SPRING MENSWEAR TAKES ON NEW QUALITY STANDARDS FROM THESE EUROPEAN MAKERS AND THEIR NEARLY-LUNATIC ATTENTION TO DETAIL
BY INDUSTRY STAFF
Headquartered in Naples, Italy, and the brainchild of Ciro Paone, the son of fifth-generation fabric merchants, Kiton elevates tailoring from a modest artisan craft to an artistic expression: “the love for beauty, the love for beautiful garments,” as Paone puts it.
Carried out according to the age-old rule book of the Neapolitan tailoring profession—which requires, among other things, sourcing the best raw materials in the world—the summit of the company’s menswear is its jacket design.
“We consider the jacket to be the core of our collection,” Paone said. “It is the starting point that determines a specific style, to which we add our shirt, tie, and trousers. The roots of the company have little to do with marketing— more with a streak of virtuoso creativity and a…slightly irrational instinct.”

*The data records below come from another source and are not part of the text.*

(* Let $q>1$ and $0\le M_0<M$. Let $u$ be a sufficiently smooth $L$-periodic (in $x$) solution of $u_t=-\alpha u u_x+\beta u_{xxx}$ on $[0,T]\times\mathbb{R}$, and let $r>\sup_{t,x}|u(t,x)|$. Suppose $u^{(0)}_k=u(0,k\Delta x)$ for all $k$, that $u^{(0)},\dots,u^{(M_0)}$ are obtained successively as solutions of the scheme (each $u^{(n+1)}$ a solution at step $n$), that $r\ge \max_{m'\le M_0}\|u^{(m')}\|_\infty$, that $\Delta t<\min\{\varepsilon_1(q,r,\Delta x),\varepsilon_2(q,r,\Delta x)\}$, and let $u^{(M_0+1)}$ be the unique solution of the scheme at step $M_0$ with $\|u^{(M_0+1)}\|_\infty\le qr$ (which exists under these hypotheses). Then there is a constant $C=C(q,r)>0$ independent of $\Delta t$ and $\Delta x$ such that, for sufficiently small $\Delta t\le\Delta x$, $$\|e^{(m)}\|_{H^1} = \big(\|e^{(m)}\|^2+\|\delta^+_x e^{(m)}\|^2\big)^{1/2}\le C\big((\Delta t)^2+(\Delta x)^2\big)\qquad (m=0,1,\dots,M_0+1).$$
   Context: $L>0$, $K$ a positive integer, $\Delta x=L/K$; $T>0$, $M$ a positive integer, $\Delta t=T/M$; $\alpha\in\mathbb{R}$, $\beta\in\mathbb{R}\setminus\{0\}$. Grid functions are real sequences $v=(v_k)_{k\in\mathbb{Z}}$ with $v_{k+K}=v_k$. Define $\delta^+_x v_k=(v_{k+1}-v_k)/\Delta x$, $\delta^{\langle 1\rangle}_x v_k = (v_{k+1}-v_{k-1})/(2\Delta x)$, $\delta^{\langle 2\rangle}_x v_k = (v_{k+1}-2v_k+v_{k-1})/(\Delta x)^2$, $\|v\|=(\sum_{k=1}^K v_k^2\Delta x)^{1/2}$, $\|v\|_\infty=\max_k|v_k|$. For a sequence of grid functions $v^{(n)}$, $\delta^+_t v^{(n)}_k = (v^{(n+1)}_k - v^{(n)}_k)/\Delta t$, $\mu^+_t v^{(n)}_k = (v^{(n+1)}_k+v^{(n)}_k)/2$. Given $u^{(n)}$, $u^{(n+1)}$ is a solution of the scheme at step $n$ if for all $k$ $$\delta^+_t u^{(n)}_k = -\frac{\alpha}{6}\,\delta^{\langle 1\rangle}_x\Big\{(u^{(n+1)}_k)^2 + u^{(n+1)}_k u^{(n)}_k + (u^{(n)}_k)^2\Big\} + \beta\,\delta^{\langle 1\rangle}_x\delta^{\langle 2\rangle}_x \mu^+_t u^{(n)}_k .$$ $\varepsilon_1(q,r,\Delta x) = (q-1)(\Delta x)^3[\frac{|\alpha|}{6}(\Delta x)^2(q^2+q+1)r + \frac{3}{2}|\beta|(q+1)]^{-1}$, $\varepsilon_2(q,r,\Delta x) = (\Delta x)^3[\frac{|\alpha|}{6}(\Delta x)^2(2q+1)r + \frac{3}{2}|\beta|]^{-1}$. Exact grid values $\tilde u^{(m)}_k=u(m\Delta t,k\Delta x)$, error $e^{(m)}=u^{(m)}-\tilde u^{(m)}$. *)

From Stdlib Require Import Reals Lra Lia ZArith List.
From Coquelicot Require Import Coquelicot.
Open Scope R_scope.

(* Grid functions: v : Z -> R, periodic with period K. *)
Definition grid := Z -> R.

Definition dplus_x (dx : R) (v : grid) : grid :=
  fun k => (v (k + 1)%Z - v k) / dx.
Definition d1_x (dx : R) (v : grid) : grid :=
  fun k => (v (k + 1)%Z - v (k - 1)%Z) / (2 * dx).
Definition d2_x (dx : R) (v : grid) : grid :=
  fun k => (v (k + 1)%Z - 2 * v k + v (k - 1)%Z) / (dx ^ 2).

Definition gnorm (K : nat) (dx : R) (v : grid) : R :=
  sqrt (sum_f_R0 (fun i => (v (Z.of_nat (S i))) ^ 2 * dx) (K - 1)%nat).

(* ||v||_inf = max_{k=1..K} |v_k| (= max over all k by periodicity) *)
Definition gnorm_inf (K : nat) (v : grid) : R :=
  fold_right Rmax 0 (map (fun i => Rabs (v (Z.of_nat i))) (seq 1 K)).

Definition gnorm_H1 (K : nat) (dx : R) (v : grid) : R :=
  sqrt (gnorm K dx v ^ 2 + gnorm K dx (dplus_x dx v) ^ 2).

Definition scheme_step (alpha beta dx dt : R) (u0 u1 : grid) : Prop :=
  forall k : Z,
    (u1 k - u0 k) / dt =
      - (alpha / 6) * d1_x dx (fun j => (u1 j) ^ 2 + u1 j * u0 j + (u0 j) ^ 2) k
      + beta * d1_x dx (d2_x dx (fun j => (u1 j + u0 j) / 2)) k.

Definition scheme_eps1 (alpha beta q r dx : R) : R :=
  (q - 1) * dx ^ 3 /
    (Rabs alpha / 6 * dx ^ 2 * (q ^ 2 + q + 1) * r + 3 / 2 * Rabs beta * (q + 1)).
Definition scheme_eps2 (alpha beta q r dx : R) : R :=
  dx ^ 3 / (Rabs alpha / 6 * dx ^ 2 * (2 * q + 1) * r + 3 / 2 * Rabs beta).

Definition smooth2 (u : R -> R -> R) : Prop :=
  exists D : nat -> nat -> R -> R -> R,
    D O O = u /\
    forall (i j : nat) (t x : R),
      is_derive (fun s => D i j s x) t (D (S i) j t x) /\
      is_derive (fun y => D i j t y) x (D i (S j) t x) /\
      continuous (fun p : R * R => D i j (fst p) (snd p)) (t, x).

(* Let e = U - u on the grid. Taylor expansion shows that the grid values of the exact solution
   satisfy the scheme up to a residual tau with |tau| and |delta+ tau| bounded by
   C (dt^2 + dx^2); for delta+ tau one uses that the forward difference quotient in x of the
   smooth periodic solution is again smooth, with derivatives bounded by those of u one order
   higher. Summation by parts over a period shows that the scheme conserves, up to tau, the
   energy sgn(beta) (beta/2 |delta+ e|^2 + alpha/6 sum (3 u e^2 + e^3)) + Kc |e|^2; once Kc
   dominates the cubic term (which needs the sup-norm bounds r and q r of u and U) this energy
   controls min(1, |beta|/2) |e|_{H^1}^2. The resulting one-step inequality
   E' <= (1 + 4 lam dt) E + C dt (dt^2 + dx^2)^2 with E(0) = 0 is summed by discrete Gronwall. *)

From Stdlib Require Import Reals Lra Lia ZArith List Classical ClassicalEpsilon.
From Coquelicot Require Import Coquelicot.
Open Scope R_scope.
Set Bullet Behavior "Strict Subproofs".

(** * Taylor estimates *)

Definition derivative_tower (n : nat) (F : nat -> R -> R) : Prop :=
  forall k, (k < n)%nat -> forall s, is_derive (F k) s (F (S k) s).

Lemma derivative_tower_Derive_n n F : derivative_tower n F ->
  forall k, (k <= n)%nat -> forall s, Derive_n (F O) k s = F k s.
Proof.
  intros HF k. induction k as [|k IH]; intros Hk s; [reflexivity|].
  simpl. rewrite (Derive_ext _ (F k)).
  - apply is_derive_unique, HF. lia.
  - intros t. apply IH. lia.
Qed.

Lemma derivative_tower_ex_derive_n n F : derivative_tower n F ->
  forall k, (k <= n)%nat -> forall s, ex_derive_n (F O) k s.
Proof.
  intros HF [|k] Hk s; [exact I|].
  simpl. apply ex_derive_ext with (F k).
  - intros t. symmetry. apply (derivative_tower_Derive_n n); auto. lia.
  - exists (F (S k) s). apply HF. lia.
Qed.

Lemma taylor_remainder_right p F c h M : derivative_tower (S p) F -> 0 < h ->
  (forall s, c <= s <= c + h -> Rabs (F (S p) s) <= M) ->
  Rabs (F O (c + h) - sum_f_R0 (fun m => h ^ m / INR (fact m) * F m c) p)
    <= M * h ^ (S p) / INR (fact (S p)).
Proof.
  intros HF Hh HM.
  destruct (Taylor_Lagrange (F O) p c (c + h)) as [z [Hz Heq]]; [lra| |].
  { intros t _ k Hk. apply (derivative_tower_ex_derive_n (S p)); auto. }
  replace (c + h - c) with h in Heq by ring.
  rewrite Heq, (derivative_tower_Derive_n (S p) F HF (S p)) by lia.
  rewrite (sum_eq _ (fun m => h ^ m / INR (fact m) * F m c)).
  2:{ intros i Hi. rewrite (derivative_tower_Derive_n (S p) F HF i) by lia. reflexivity. }
  assert (Hfact : 0 < INR (fact (S p))) by (apply lt_0_INR, lt_O_fact).
  assert (Hpow : 0 < h ^ S p / INR (fact (S p))) by (apply Rdiv_lt_0_compat; [apply pow_lt|]; lra).
  unfold Rminus. rewrite Rplus_comm, <- Rplus_assoc, Rplus_opp_l, Rplus_0_l.
  rewrite Rabs_mult, (Rabs_pos_eq (_ / _)) by lra.
  apply Rle_trans with (h ^ S p / INR (fact (S p)) * M).
  - apply Rmult_le_compat_l; [lra|]. apply HM. lra.
  - right. field. lra.
Qed.

Definition reflect_tower (F : nat -> R -> R) : nat -> R -> R :=
  fun k s => (-1) ^ k * F k (- s).

Lemma is_derive_opp_arg (f : R -> R) s df :
  is_derive f (- s) df -> is_derive (fun x => f (- x)) s (- df).
Proof.
  intros H.
  assert (Hopp : is_derive (fun x : R => - x) s (-1)) by (auto_derive; [exact I | ring]).
  pose proof (is_derive_comp f (fun x => - x) s df (-1) H Hopp) as Hc.
  replace (- df) with (scal (-1) df) by (unfold scal; simpl; unfold mult; simpl; ring).
  exact Hc.
Qed.

Lemma derivative_tower_reflect n F : derivative_tower n F -> derivative_tower n (reflect_tower F).
Proof.
  intros HF k Hk s. unfold reflect_tower.
  replace ((-1) ^ S k * F (S k) (- s)) with ((-1) ^ k * (- F (S k) (- s))) by (simpl; ring).
  apply is_derive_scal, (is_derive_opp_arg (F k)), HF; auto.
Qed.

Lemma taylor_remainder_left p F c h M : derivative_tower (S p) F -> 0 < h ->
  (forall s, c - h <= s <= c -> Rabs (F (S p) s) <= M) ->
  Rabs (F O (c - h) - sum_f_R0 (fun m => (- h) ^ m / INR (fact m) * F m c) p)
    <= M * h ^ (S p) / INR (fact (S p)).
Proof.
  intros HF Hh HM.
  pose proof (taylor_remainder_right p (reflect_tower F) (- c) h M
                (derivative_tower_reflect _ _ HF) Hh) as H.
  unfold reflect_tower in H.
  replace (- (- c + h)) with (c - h) in H by ring.
  rewrite (sum_eq _ (fun m => (- h) ^ m / INR (fact m) * F m c)) in H.
  - simpl pow in H at 1. rewrite Rmult_1_l in H. apply H.
    intros s Hs. rewrite Rabs_mult, Rabs_mult, Rabs_m1, pow_1_abs, !Rmult_1_l. apply HM. lra.
  - intros i _. rewrite Ropp_involutive.
    replace (- h) with ((-1) * h) by ring. rewrite Rpow_mult_distr. field.
    apply not_0_INR, fact_neq_0.
Qed.

Lemma INR_fact_upto_5 : INR (fact 0) = 1 /\ INR (fact 1) = 1 /\ INR (fact 2) = 2 /\
  INR (fact 3) = 6 /\ INR (fact 4) = 24 /\ INR (fact 5) = 120.
Proof. repeat split; simpl; ring. Qed.

Lemma Rabs_div_le x d B : 0 < d -> Rabs x <= B * d -> Rabs (x / d) <= B.
Proof.
  intros Hd H. unfold Rdiv. rewrite Rabs_mult, Rabs_inv, (Rabs_pos_eq d) by lra.
  apply Rmult_le_reg_r with d; auto.
  rewrite Rmult_assoc, Rinv_l by lra. lra.
Qed.

Lemma mean_value_bound (f f' : R -> R) a b M : a <= b ->
  (forall s, a <= s <= b -> is_derive f s (f' s)) ->
  (forall s, a <= s <= b -> Rabs (f' s) <= M) ->
  Rabs (f b - f a) <= M * (b - a).
Proof.
  intros Hab Hd HM.
  destruct (MVT_gen f a b f') as [c [Hc ->]];
    rewrite Rmin_left, Rmax_right in * by lra.
  - intros s Hs. apply Hd. lra.
  - intros s Hs. apply continuity_pt_filterlim.
    apply (ex_derive_continuous (K := R_AbsRing) (V := R_NormedModule)).
    exists (f' s). apply Hd, Hs.
  - rewrite Rabs_mult, (Rabs_pos_eq (b - a)) by lra.
    apply Rmult_le_compat_r; [lra | apply HM, Hc].
Qed.

Lemma central_average_error F c h M : derivative_tower 2 F -> 0 < h ->
  (forall s, c - h <= s <= c + h -> Rabs (F 2%nat s) <= M) ->
  Rabs ((F O (c + h) + F O (c - h)) / 2 - F O c) <= M * h ^ 2 / 2.
Proof.
  intros HF Hh HM.
  pose proof (taylor_remainder_right 1 F c h M HF Hh ltac:(intros; apply HM; lra)) as H1.
  pose proof (taylor_remainder_left 1 F c h M HF Hh ltac:(intros; apply HM; lra)) as H2.
  cbn [sum_f_R0] in H1, H2. destruct INR_fact_upto_5 as [f0 [f1 [f2 _]]].
  rewrite f0, f1, f2 in H1, H2.
  apply Rabs_le_between in H1, H2. apply Rabs_le. simpl in H1, H2 |- *. lra.
Qed.

Lemma central_difference_error F c h M : derivative_tower 3 F -> 0 < h ->
  (forall s, c - h <= s <= c + h -> Rabs (F 3%nat s) <= M) ->
  Rabs ((F O (c + h) - F O (c - h)) / (2 * h) - F 1%nat c) <= M * h ^ 2 / 6.
Proof.
  intros HF Hh HM.
  pose proof (taylor_remainder_right 2 F c h M HF Hh ltac:(intros; apply HM; lra)) as H1.
  pose proof (taylor_remainder_left 2 F c h M HF Hh ltac:(intros; apply HM; lra)) as H2.
  cbn [sum_f_R0] in H1, H2. destruct INR_fact_upto_5 as [f0 [f1 [f2 [f3 _]]]].
  rewrite f0, f1, f2, f3 in H1, H2.
  match type of H1 with Rabs ?x <= _ => set (R1 := x) in H1 end.
  match type of H2 with Rabs ?x <= _ => set (R2 := x) in H2 end.
  replace ((F O (c + h) - F O (c - h)) / (2 * h) - F 1%nat c) with ((R1 - R2) / (2 * h))
    by (unfold R1, R2; simpl; field; lra).
  apply Rabs_div_le; [lra|].
  apply Rabs_le_between in H1, H2. apply Rabs_le. simpl in H1, H2 |- *. nra.
Qed.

From cutting and basting to the art of lining, then on to shoulder, neckline, and sleeve construction, and finally to the sewing of armholes, buttonholes and hems, pressing, attaching buttons, and final quality control, every jacket is constructed using 33,000 stitches by 25 different craftspeople. A special detail is the pocket. This, too, is entirely handmade—buttery soft, and with a unique shape. The Windowpane Three-Button Jacket, seen here in a cashmere/wool/linen/silk blend, is quarter-lined, with a lightly padded natural shoulder, double vent, notch lapel, and basted sleeves, along with chest welt pocket and waist patch pockets. ($7,495, here with a Kiton blue medallion tie, $295). It’s paired with Navy Trousers from Zanella ($350).
An ideal accompaniment is just about any shirt from Eton, but the Blue Pencil Stripe ($235) is simply perfect with the Kiton. From the day its factory opened in Gånghester, Sweden in 1928, Eton has crafted men’s shirts, all by hand. “Being a product specialist means that we can monitor every stage in the process,” a company statement read. “And all our material and other suppliers are required to sign our code of conduct and code of ethics, which regulates working conditions, among other factors.”